Les questions ne manquent pas : comment faire de vraies économies d’énergie dans le parc immobilier (logements et bâtiments publics) ? Comment organiser nos filières industrielles pour inciter à la réparation plutôt qu’au ré-achat ? Dans quelle mesure la maintenance préventive peut-elle réduire les gaspillages ? Etc.
A ces interrogations, Jean Bertrand-Hardy, VP in charge of Strategy, Business Development and Innovation B2C chez Engie, Jade Francine, cofondatrice de WeMaintain et Fanny Picard, présidente d’Alter Equity, ont apporté des réponses fondées sur des cas d’usage réels.

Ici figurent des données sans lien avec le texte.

(* Let $\alpha=(\alpha_1,\dots,\alpha_k)$ be a composition of $n$ with $k$ parts. Fix positive integers $i_1<\dots<i_k$ and consider all words that are rearrangements of the multiset containing $i_j$ with multiplicity $\alpha_j$ for each $j$ (words with this fixed content, of packed content $\alpha$). Then the number of $\#$-Sylvester equivalence classes of these words is \[\det\left[\binom{j+\sum_{\ell=1}^i\alpha_\ell}{j-(i-1)}\right]_{1\le i,j\le k-1}\] (the empty determinant, for $k=1$, being $1$).
   Context: Words are finite sequences of positive integers; the packed content of a word is the composition listing the multiplicities of its distinct letters in increasing order of the letters. Two words $w_1,w_2$ are $\#$-Sylvester adjacent if there are words $u,v,w$ and letters $a<b\le c$ with $w_1=u\,b\,v\,a\,c\,w$ and $w_2=u\,b\,v\,c\,a\,w$. $\#$-Sylvester equivalence is the equivalence relation generated by $\#$-Sylvester adjacency. Binomial coefficients $\binom{N}{r}$ with $r<0$ are $0$. *)

From mathcomp Require Import all_boot all_order all_algebra.
From Stdlib Require Import Relations.
Set Implicit Arguments. Unset Strict Implicit. Unset Printing Implicit Defensive.
Import GRing.Theory Num.Theory.

Definition sylv_adj (w1 w2 : seq nat) : Prop :=
  exists (u v w : seq nat) (a b c : nat),
    [/\ (a < b <= c)%N,
        w1 = u ++ b :: v ++ a :: c :: w &
        w2 = u ++ b :: v ++ c :: a :: w].

Definition sylv_equiv : seq nat -> seq nat -> Prop :=
  clos_refl_sym_trans (seq nat) sylv_adj.

Definition num_classes (W : seq nat -> Prop) (N : nat) : Prop :=
  exists reps : seq (seq nat),
    [/\ size reps = N,
        (forall r, r \in reps -> W r),
        (forall i j, (i < size reps)%N -> (j < size reps)%N -> i <> j ->
           ~ sylv_equiv (nth [::] reps i) (nth [::] reps j)) &
        (forall w, W w -> exists2 r, r \in reps & sylv_equiv w r)].

(* The word i_1^{alpha_1} ... i_k^{alpha_k} (one word with the given content). *)
Definition content_word (idx alpha : seq nat) : seq nat :=
  flatten [seq nseq p.2 p.1 | p <- zip idx alpha].

(* binomial with negative lower index = 0 *)
Definition binz (N : nat) (r : int) : int :=
  match r with Posz m => ('C(N, m))%:Z | Negz _ => 0%R end.

(* The (k-1)x(k-1) matrix, entry (i,j) (1-indexed) =
   binom (j + sum_{l<=i} alpha_l) (j - (i-1)).  With 0-indexed i', j':
   i = i'+1, j = j'+1. *)
Definition cor_matrix (alpha : seq nat) : 'M[int]_((size alpha).-1) :=
  \matrix_(i < (size alpha).-1, j < (size alpha).-1)
    binz (j.+1 + \sum_(l < i.+1) nth 0%N alpha l)%N
         ((j.+1)%:Z - (i.+1)%:Z + 1)%R.

(* Inserting the letters of a word from left to right into a binary search
   tree (smaller letters to the left, the others to the right) is invariant
   under #-Sylvester adjacency: in [u b v a c w], once [b] is inserted the tree
   has a node separating [a] from [c], so they may be inserted in either order.
   Conversely, with [b] the first letter [x], the letters below [x] can be
   moved left across the letters [>= x]; so every word is equivalent to some
   [x u v] with [u < x <= v], recursively. These canonical words are the
   preorder readings of their trees, hence pairwise inequivalent, and choosing
   the root letter shows that their number satisfies the recursion
   [F alpha = sum_r F alpha_(<r) * F alpha'_(>r)]. The number of chains
   [y_1 <= ... <= y_(k-1)] bounded by the partial sums of [alpha] satisfies
   the same recursion. Finally the matrix is Hessenberg with unit subdiagonal,
   and the hockey-stick identity shows that the combination of its rows with
   the alternating chain numbers of the prefixes of the partial sums vanishes
   in every column but the last; this evaluates the determinant. *)

From mathcomp Require Import all_boot all_algebra ring zify.
From Stdlib Require Import Relations.
Import GRing.Theory.
Set Implicit Arguments. Unset Strict Implicit. Unset Printing Implicit Defensive.

(** * Binary search trees and #-Sylvester equivalence *)

Inductive bstree := Leaf | Node of nat & bstree & bstree.

Fixpoint insert (x : nat) (t : bstree) : bstree :=
  match t with
  | Leaf => Node x Leaf Leaf
  | Node r l s => if x < r then Node r (insert x l) s else Node r l (insert x s)
  end.

Definition insert_seq (t : bstree) (w : seq nat) : bstree :=
  foldl (fun t x => insert x t) t w.

Definition bst (w : seq nat) : bstree := insert_seq Leaf w.

Fixpoint preorder (t : bstree) : seq nat :=
  if t is Node x l s then x :: preorder l ++ preorder s else [::].

(* The insertion paths of [a] and [c] in [t] part at a node [r] with
   [a < r <= c], so that inserting [a] and inserting [c] commute. *)
Fixpoint separated (a c : nat) (t : bstree) : bool :=
  if t is Node r l s then
    [|| (a < r <= c), (c < r) && separated a c l | (r <= a) && separated a c s]
  else false.

Lemma insertC a c t :
  a < c -> separated a c t -> insert c (insert a t) = insert a (insert c t).
Proof.
move=> lt_ac; elim: t => [|r l IHl s IHs] //=.
case/or3P=> [/andP[lt_ar le_rc] | /andP[lt_cr sep_l] | /andP[le_ra sep_s]].
- by rewrite lt_ar ltnNge le_rc /= lt_ar ltnNge le_rc.
- have lt_ar : a < r by apply: ltn_trans lt_cr.
  by rewrite lt_ar lt_cr /= lt_cr lt_ar IHl.
- have [nlt_ar nlt_cr] : a < r = false /\ c < r = false by split; lia.
  by rewrite nlt_ar nlt_cr /= nlt_cr nlt_ar IHs.
Qed.

Lemma separated_insert a c x t : separated a c t -> separated a c (insert x t).
Proof.
elim: t => [|r l IHl s IHs] //=; case: (x < r) => /=.
  by case/or3P=> [-> | /andP[-> /IHl->] | /andP[-> ->]]; rewrite /= ?orbT.
by case/or3P=> [-> | /andP[-> ->] | /andP[-> /IHs->]]; rewrite /= ?orbT.
Qed.

Lemma separated_insert_seq a c t w :
  separated a c t -> separated a c (insert_seq t w).
Proof. by elim: w t => [|x w IHw] t //= /(separated_insert x); apply: IHw. Qed.

Lemma separated_insert_between a b c t : a < b <= c -> separated a c (insert b t).
Proof.
move=> /andP[lt_ab le_bc]; elim: t => [|r l IHl s IHs] /=; first by rewrite lt_ab le_bc.
case: ifP => [lt_br | /negbT] /=; last rewrite -leqNgt => le_rb.
  by case: (leqP r c) => _; rewrite ?(ltn_trans lt_ab lt_br) ?IHl ?orbT.
by case: (ltnP a r) => _; rewrite ?(leq_trans le_rb le_bc) ?IHs ?orbT.
Qed.

Lemma bst_sylv_adj w1 w2 : sylv_adj w1 w2 -> bst w1 = bst w2.
Proof.
case=> u [v [w [a [b [c [/andP[lt_ab le_bc] -> ->]]]]]].
rewrite /bst /insert_seq -!cat_cons !foldl_cat /= insertC ?(leq_trans lt_ab) //.
by apply: separated_insert_seq; apply: separated_insert_between; rewrite lt_ab.
Qed.

Lemma bst_sylv_equiv w1 w2 : sylv_equiv w1 w2 -> bst w1 = bst w2.
Proof. by elim=> [? ? /bst_sylv_adj | | ? ? _ -> | ? ? ? _ -> _]. Qed.

Lemma insert_seq_Node x l s w :
  insert_seq (Node x l s) w =
  Node x (insert_seq l [seq y <- w | y < x]) (insert_seq s [seq y <- w | x <= y]).
Proof.
rewrite /insert_seq; elim: w l s => [|y w IHw] l s //=.
by case: (ltnP y x) => _ /=; rewrite IHw.
Qed.

Lemma filter_all_predC (T : Type) (a : pred T) s : all (predC a) s -> filter a s = [::].
Proof. by elim: s => //= x s IHs /andP[/negbTE-> /IHs]. Qed.

Lemma bst_cons_cat x u v : all (fun y => y < x) u -> all (fun y => x <= y) v ->
  bst (x :: u ++ v) = Node x (bst u) (bst v).
Proof.
move=> u_lt v_ge; rewrite /bst [insert_seq _ _]/= insert_seq_Node !filter_cat.
have v_nlt : all (predC (fun y => y < x)) v.
  by apply: sub_all v_ge => y /=; rewrite -leqNgt.
have u_nge : all (predC (fun y => x <= y)) u.
  by apply: sub_all u_lt => y /=; rewrite -ltnNge.
rewrite (all_filterP u_lt) (all_filterP v_ge).
by rewrite (filter_all_predC v_nlt) (filter_all_predC u_nge) cats0.
Qed.
Lemma realize_mlp N L x y :
  realize (mlp N L) (vec2 x y) 0%nat
  = sq_approx N ((x + y) / 2) (L - 1) - sq_approx N ((x - y) / 2) (L - 1).
Proof.
  unfold realize, mlp; cbn [hidden output fold_left].
  rewrite relu_input_layer.
  change (hidden_state N (polarize x y) (fun _ => 0)) with
    (hidden_state N (fun b => fst (sq_state N (polarize x y b) 0))
                    (fun b => snd (sq_state N (polarize x y b) 0))).
  rewrite fold_step_layers, output_layer_eq; reflexivity.
Qed.

Lemma mlp_in_NN N L : (1 <= L)%nat ->
  in_NN 2 1 (width N) L (mlp N L).
Proof.
  intros HL; unfold in_NN, mlp; cbn [hidden output]; split; [|split; [|split]].
  - simpl length; rewrite length_map, length_seq; lia.
  - split; [reflexivity|].
    induction (seq 0 (L - 1)); simpl; auto.
  - reflexivity.
  - intros l [<-|Hl]; [reflexivity|].
    apply in_map_iff in Hl as [m [<- _]]; reflexivity.
Qed.

Section Squaring.

Variables (N : nat) (u : R).
Hypotheses (HN : (1 <= N)%nat) (Hu : Rabs u <= 1).

Lemma sq_state_invariant l :
  let z := fst (sq_state N u l) in let s := snd (sq_state N u l) in
  0 <= s /\ Rabs z <= 1 /\ u * u = s + z * z / INR N ^ (2 * l)
  /\ s + Rabs z / INR N ^ (2 * l) <= 1.
Proof.
  assert (Hn : 1 <= INR N) by (apply (le_INR 1); lia).
  induction l as [|l IHl]; cbv zeta.
  - simpl; repeat split; [lra|lra|field|lra].
  - destruct IHl as [Hs [Hz [Hu2 Hb]]].
    cbn [sq_state fst snd]; rewrite pow_2S.
    set (z := fst (sq_state N u l)) in *; set (s := snd (sq_state N u l)) in *.
    set (P := INR N ^ (2 * l)) in *; set (w := Rabs z) in *.
    assert (HP : 0 < P) by (apply pow_lt; lra).
    assert (Hw : 0 <= w <= 1) by (split; [apply Rabs_pos|lra]).
    unfold step_coef; fold P; rewrite pwl_scal_l, pwl_minus, pwl_scal_l, relu_id by lra.
    destruct (saw_bounds N w HN Hw) as [HZ HZw].
    assert (HIw := sq_interp_le N w HN Hw); assert (HI := sq_interp_error N w HN Hw).
    set (Z := pwl N (saw_coef N) w) in *; set (I := pwl N (sq_coef N) w) in *.
    set (n := INR N) in *; rewrite (Rabs_right Z) by lra.
    assert (Hgain : 0 <= I - / (n * n) * Z).
    { replace (I - / (n * n) * Z) with ((n * w - Z) * (n * w + Z) / (n * n))
        by (rewrite HI; field; lra).
      apply Rdiv_nonneg; nra. }
    assert (0 <= / P * (I - / (n * n) * Z))
      by (apply Rmult_le_pos; [apply Rlt_le, Rinv_0_lt_compat|]; lra).
    assert (I / P <= w / P) by (apply Rmult_le_compat_r; [apply Rlt_le, Rinv_0_lt_compat|]; lra).
    repeat split; [lra|lra| |].
    + rewrite Hu2, (Rsqr_abs z : z * z = w * w), HI; field; lra.
    + replace (s + / P * (I - / (n * n) * Z) + Z / (P * (n * n))) with (s + I / P)
        by (field; lra); lra.
Qed.
Lemma iter_Zhat_herm3_mx (R : realType) (P : omat R) (Z : omat R[i]) (e z : herm3 R[i]) :
  complexify P = herm3_mx e -> Z = herm3_mx z -> forall n u,
  iter n (Zhat P Z) (herm3_mx u)
  = herm3_mx (iter n (zhat (@anticomm R[i] : {bilinear _ -> _ -> _}) e z) u).
Proof.
move=> Pe Zz n u; have two_neq0 : (2 : R[i]) != 0 by rewrite pnatr_eq0.
elim: n => //= n ->; rewrite /Zhat Pe Zz !jordan_herm3_mx // !herm3_mxZ !herm3_mxD.
congr herm3_mx; set v := iter n _ u.
rewrite /zhat !bilinE /= !scalerA -addrA -scaleNr.
rewrite -[anticomm z (anticomm e v)]scale1r -[anticomm e (anticomm z v)]scale1r.
by congr (_ *: _ + (_ *: _ + _ *: _)); rewrite ?scale1r //; field.
Qed.

Theorem proposition2p3 (R : realType) (P : omat R) (Z : omat R[i]) :
  OP2 P -> in_TC P Z -> mtr (jordan Z Z) = ozero ->
  forall X : omat R[i], in_h03C X -> iter 5 (Zhat P Z) X = mzero.
Proof.
move=> [P_herm [PP trP]] [Z_herm PZ] Ziso X [X_herm _].
have [two_neq0 three_neq0] : (2 : R[i]) != 0 /\ (3 : R[i]) != 0 by rewrite !pnatr_eq0.
set e := mx_herm3 (complexify P); set z := mx_herm3 Z.
have Pe : complexify P = herm3_mx e by rewrite mx_herm3K //; apply: mmap_hermitian.
have Zz : Z = herm3_mx z by rewrite mx_herm3K.
have J_ee : anticomm e e = 2 *: e.
  by apply: jordan_herm3_mx_eq => //; rewrite -Pe /complexify -mmap_jordan PP.
have T_e : htr e = 1.
  by apply: oscalar_inj; rewrite -mtr_herm3_mx -Pe /complexify mtr_mmap trP omap1.
have J_ez : anticomm e z = z.
  move: PZ; rewrite Pe Zz jordan_herm3_mx // herm3_mxZ => /herm3_mx_inj E.
  by rewrite -[RHS]E scalerA divff // scale1r.
have T_zz : htr (anticomm z z) = 0.
  move: Ziso; rewrite Zz jordan_herm3_mx // mtr_herm3_mx => /(oscalar_inj (K := R[i])).
  by rewrite scalarZ => /eqP; rewrite mulf_eq0 invr_eq0 (negbTE two_neq0) => /eqP.
rewrite -(mx_herm3K two_neq0 X_herm) (iter_Zhat_herm3_mx Pe Zz).
by rewrite (herm3_zhat_nilpotent two_neq0 three_neq0 J_ee T_e J_ez T_zz) herm3_mx0.
Qed.
Lemma in_beam_sameStrip P k v x y :
  in_beam P k v x ->
  (in_beam P k v y <-> sameStrip (hsurf P k) (dvec (vd v)) x y).
Proof.
  rewrite !in_beam_along. intros [t [-> Ht]]. split.
  - intros [t' [-> Ht']]. apply sameStrip_along. intros s Hs.
    destruct Ht as [[? Hseg] | [? Hseg]], Ht' as [[? Hseg'] | [? Hseg']];
      destruct (Z_le_dec s 0), (Z_le_dec t s), (Z_le_dec s t), (Z_le_dec t' s), (Z_le_dec s t');
      first [apply Hseg; lia | apply Hseg'; lia].
  - intros [_ [m [-> Hseg]]].
    assert (Hm : forall s, t <= s <= t + m \/ t + m <= s <= t -> hsurf P k (along v s)).
    { intros s Hs. apply_at_pos (Hseg (s - t)). }
    exists (t + m). split; [pos_eq|]. unfold beam_offset.
    destruct (Z_le_dec (t + m) 0); [left | right]; (split; [lia|]); intros s Hs;
      destruct Ht as [[? Hseg'] | [? Hseg']]; destruct (Z_le_dec s t);
      first [apply Hm; lia | apply Hseg'; lia].
Qed.

Lemma ibeam_hsurf P i v x : ibeam P i v x -> hsurf P (zplane P i) x.
Proof.
  unfold ibeam. rewrite in_beam_along. intros [t [-> Ht]].
  exact (beam_offset_self _ _ _ Ht).
Qed.

Lemma ibeam_base P i v : hsurf P (zplane P i) (xy (vc v)) -> ibeam P i v (xy (vc v)).
Proof.
  intros H. unfold ibeam. rewrite in_beam_along. exists 0. split; [pos_eq|].
  left. split; [lia|]. intros s Hs. replace s with 0 by lia. apply_at_pos H.
Qed.

Lemma ibeam_iface P i v x : ibeam P i v x -> iface_of_beam P i v x.
Proof.
  intros Hx. exists x. split; [exact Hx|]. apply reach_refl. exact (ibeam_hsurf _ _ _ _ Hx).
Qed.

Lemma ibeam_clip P i ptr r x : ibeam P i r x -> clip P i ptr r x.
Proof.
  intros Hx. exists x. split; [exact Hx|]. apply reach_refl.
  split; [exact (ibeam_hsurf _ _ _ _ Hx)|].
  unfold ibeam in Hx. rewrite in_beam_along in Hx. destruct Hx as [t [-> _]].
  unfold along, pdot, psub, padd, pscale. destruct (vd r), ptr; simpl; lia.
Qed.

Lemma clip_hsurf P i ptr r x : clip P i ptr r x -> hsurf P (zplane P i) x.
Proof.
  intros [q0 [_ Hreach]].
  assert (H : forall p q, reach (fun p => hsurf P (zplane P i) p /\
                             0 <= pdot (psub p (xy (vc r))) (dvec (pdir ptr (vd r)))) p q ->
                          hsurf P (zplane P i) q) by (induction 1; tauto).
  exact (H _ _ Hreach).
Qed.
(* Hitting times.  For a transition matrix P and target j, the taboo      *)
(* matrix Q forbids entering j; ((Q^k) *m P) i j = sum over paths          *)
(* i = x_0, x_1, ..., x_k, x_{k+1} = j with x_1..x_k <> j of the product   *)
(* of transition probabilities, i.e. the probability that the first        *)
(* passage time to j from i equals k+1.                                   *)
Definition taboo (P : 'M[R]_n) (j : 'I_n) : 'M[R]_n :=
  \matrix_(k, l) (if l == j then 0 else P k l).

Definition first_passage (P : 'M[R]_n) (i j : 'I_n) (k : nat) : R :=
  ((taboo P j ^+ k *m P) i j).

Definition hitting_terms (P : 'M[R]_n) (i j : 'I_n) : nat -> R :=
  fun k => (k.+1)%:R * first_passage P i j k.

Definition hitting_time (P : 'M[R]_n) (i j : 'I_n) : R :=
  limn (series (hitting_terms P i j)).

Definition hitting_time_finite (P : 'M[R]_n) : Prop :=
  forall i j : 'I_n, i != j -> cvgn (series (hitting_terms P i j)).

Definition gmht (P : 'M[R]_n) : R :=
  (\sum_i \sum_(j | j != i) hitting_time P i j) / (n%:R * (n%:R - 1)).

End Walks.

From HB Require Import structures.
From mathcomp Require Import all_boot all_order all_algebra.
From mathcomp Require Import all_classical all_reals all_analysis.
From mathcomp Require Import ring lra zify.
Set Implicit Arguments. Unset Strict Implicit. Unset Printing Implicit Defensive.
Import Order.TTheory GRing.Theory Num.Theory.
Import numFieldNormedType.Exports.
Local Open Scope classical_set_scope.
Local Open Scope ring_scope.

(* All three walks belong to one family [rose_walk m p]: from the hub the
   walker moves to one of its 2m neighbours uniformly; from a neighbour of the
   hub it goes back to the hub with probability p and otherwise to the tip of
   its petal; from a tip it moves to either neighbour with probability 1/2.
   TURW is p = 1/2; for MERW the Perron vector forces p = m/(m+1); for NBCRW a
   non-negative non-backtracking eigenvector forces mu^4 = 2m-1, hence
   p = m/(m + sqrt(2m-1)).  The hitting times of the family solve the
   first-step equations in closed form, and on a finite chain a non-negative
   solution of these equations is the expected hitting time, because the
   taboo matrix contracts it geometrically. *)

Section NatTimesGeometric.
Variable R : realType.

Lemma natr_mul_expr_le (t : R) (K : nat) : 0 <= t <= 1 ->
  K%:R * t ^+ K * (1 - t) <= 1 - t ^+ K.
Proof.
case/andP=> t0 t1.
have -> : 1 - t ^+ K = (1 - t) * \sum_(i < K) t ^+ i.
  by rewrite -opprB subrX1 -mulNr opprB.
rewrite mulrC; apply: ler_wpM2l; first lra.
rewrite mulr_natl -[in X in _ *+ X](card_ord K) -sumr_const.
by apply: ler_sum => i _; apply: ler_wiXn2l => //; apply: ltnW.
Qed.

(* With [t = sqrt r], [K r^K = (K t^K) t^K] and [K t^K (1 - t) <= 1]. *)
Lemma cvg_natr_mul_expr (r : R) : 0 <= r < 1 ->
  (fun K => K%:R * r ^+ K) @ \oo --> 0.
Proof.
case/andP=> r0 r1; pose t := Num.sqrt r.
have t0 : 0 <= t by exact: sqrtr_ge0.
have t1 : t < 1 by rewrite -sqrtr1 ltr_sqrt.
have rE : r = t ^+ 2 by rewrite sqr_sqrtr.
have bound K : 0 <= K%:R * r ^+ K <= (1 - t)^-1 * t ^+ K.
  rewrite mulr_ge0 ?exprn_ge0 //= rE -exprM mulnC exprM expr2 mulrA.
  apply: ler_wpM2r; first exact: exprn_ge0.
  rewrite -[X in _ <= X]mul1r ler_pdivlMr ?subr_gt0 //.
  have := @natr_mul_expr_le t K; rewrite t0 ltW // => /(_ isT).
  have := exprn_ge0 K t0; lra.
apply: (@squeeze_cvgr _ _ _ _ (fun=> 0) (fun K => (1 - t)^-1 * t ^+ K)).
- by apply: nearW.
- exact: cvg_cst.
- by rewrite -(mulr0 (1 - t)^-1); apply: cvgMr; apply: cvg_expr; rewrite ger0_norm.
Qed.

End NatTimesGeometric.

Lemma ler_mulmx_col (R : numDomainType) n (M : 'M[R]_n) (x y : 'cV[R]_n) :
  (forall a b, 0 <= M a b) -> (forall a, x a 0 <= y a 0) ->
  forall a, (M *m x) a 0 <= (M *m y) a 0.
Proof.
move=> M0 xy a; rewrite !mxE; apply: ler_sum => l _.
exact: ler_wpM2l.
Qed.

Lemma exprmx_ge0 (R : numDomainType) n (M : 'M[R]_n) k :
  (forall a b, 0 <= M a b) -> forall a b, 0 <= (M ^+ k) a b.
Proof.
move=> M0; elim: k => [|k IH] a b; first by rewrite expr0 mxE; case: (a == b).
by rewrite exprS -mulmxE mxE; apply: sumr_ge0 => l _; apply: mulr_ge0.
Qed.

Section FirstStepAnalysis.
Variables (R : realType) (n : nat) (P : 'M[R]_n) (j : 'I_n) (h : 'I_n -> R).
Hypothesis P_ge0 : forall a b, 0 <= P a b.
Hypothesis P_sum1 : forall a, \sum_b P a b = 1.
Hypothesis h_ge0 : forall a, 0 <= h a.
Hypothesis h_first_step : forall a, h a = 1 + \sum_(b | b != j) P a b * h b.

Local Notation Q := (taboo P j).
Local Notation hcol := (\col_a h a : 'cV[R]_n).
Local Notation ones := (const_mx 1 : 'cV[R]_n).

Lemma taboo_ge0 a b : 0 <= Q a b.
Proof. by rewrite mxE; case: ifP. Qed.

Lemma taboo_mulmx (x : 'cV[R]_n) a :
  (Q *m x) a 0 = \sum_(b | b != j) P a b * x b 0.
Proof.
rewrite mxE [RHS]big_mkcond; apply: eq_bigr => b _.
by rewrite mxE; case: (b == j); rewrite ?mul0r.
Qed.

Lemma first_step_mx : hcol = ones + Q *m hcol.
Proof.
apply/matrixP => a z; rewrite ord1 [RHS]mxE taboo_mulmx !mxE h_first_step.
by congr (_ + _); apply: eq_bigr => b _; rewrite mxE.
Qed.

Lemma h_ge1 a : 1 <= h a.
Proof.
rewrite h_first_step lerDl; apply: sumr_ge0 => b _; exact: mulr_ge0.
Qed.

(* [(Q ^+ k *m ones) i 0] is the probability that the walk started at [i]
   avoids [j] during its first [k] steps. *)
Lemma first_passage_survival i k : first_passage P i j k =
  (Q ^+ k *m ones) i 0 - (Q ^+ k.+1 *m ones) i 0.
Proof.
rewrite /first_passage exprSr -mulmxE -mulmxA !mxE -sumrB.
apply: eq_bigr => a _; rewrite -mulrBr; congr (_ * _).
rewrite taboo_mulmx; under eq_bigr do rewrite mxE mulr1.
by rewrite mxE -(P_sum1 a) (bigD1 j) //= addrK.
Qed.

Lemma hitting_series_remainder i K : series (hitting_terms P i j) K =
  h i - ((Q ^+ K *m hcol) i 0 + K%:R * (Q ^+ K *m ones) i 0).
Proof.
elim: K => [|K IH].
  by rewrite /series /= big_nil expr0 mul1mx mxE mul0r addr0 subrr.
have hK : (Q ^+ K *m hcol) i 0 = (Q ^+ K *m ones) i 0 + (Q ^+ K.+1 *m hcol) i 0.
  by rewrite [in LHS]first_step_mx mulmxDr exprSr -mulmxE mulmxA mxE.
rewrite seriesSr IH /hitting_terms first_passage_survival hK -natr1; ring.
Qed.

(* [Q h = h - 1 <= (1 - 1/M) h] for any bound [M] of [h]. *)
Lemma taboo_contraction : exists2 r : R, 0 <= r < 1 &
  forall k a, (Q ^+ k *m hcol) a 0 <= r ^+ k * h a.
Proof.
pose M := 1 + \sum_a h a.
have hM a : h a <= M.
  rewrite /M (bigD1 a) //= addrCA lerDl; apply: addr_ge0 => //.
  exact: sumr_ge0.
have M1 : 1 <= M by apply: le_trans (h_ge1 j) (hM j).
have M0 : 0 < M by lra.
have Mi1 : M^-1 <= 1 by rewrite invf_le1.
exists (1 - M^-1); first by rewrite subr_ge0 Mi1 /= ltrBlDr ltrDl invr_gt0.
elim=> [|k IH] a; first by rewrite expr0 mul1mx mxE mul1r.
rewrite exprS -mulmxE -mulmxA.
apply: (le_trans (ler_mulmx_col (y := (1 - M^-1) ^+ k *: hcol) taboo_ge0 _ a)).
  by move=> b; rewrite [leRHS]mxE [X in _ * X]mxE.
rewrite -scalemxAr mxE exprSr -mulrA; apply: ler_wpM2l; first by apply: exprn_ge0; rewrite subr_ge0.
rewrite taboo_mulmx; under eq_bigr do rewrite mxE.
have := h_first_step a; have : M^-1 * h a <= 1 by rewrite mulrC ler_pdivrMr // mul1r.
rewrite mulrBl mul1r; lra.
Qed.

Pour une politique « des petits pas »
Jade Francine, par exemple, s’est lancée en 2018 dans la maintenance d’équipements dans les immeubles - les ascenseurs, notamment. « Quand on a créé WeMaintain, personne ne parlait de maintenance. L’argent est souvent fléché vers tout ce qui est nouveau, je crois que c’est une fuite en avant. Je préfère m’intéresser à ce qu’on a… et chercher à l’améliorer », a-t-elle affirmé sur la scène de la Maddy Keynote.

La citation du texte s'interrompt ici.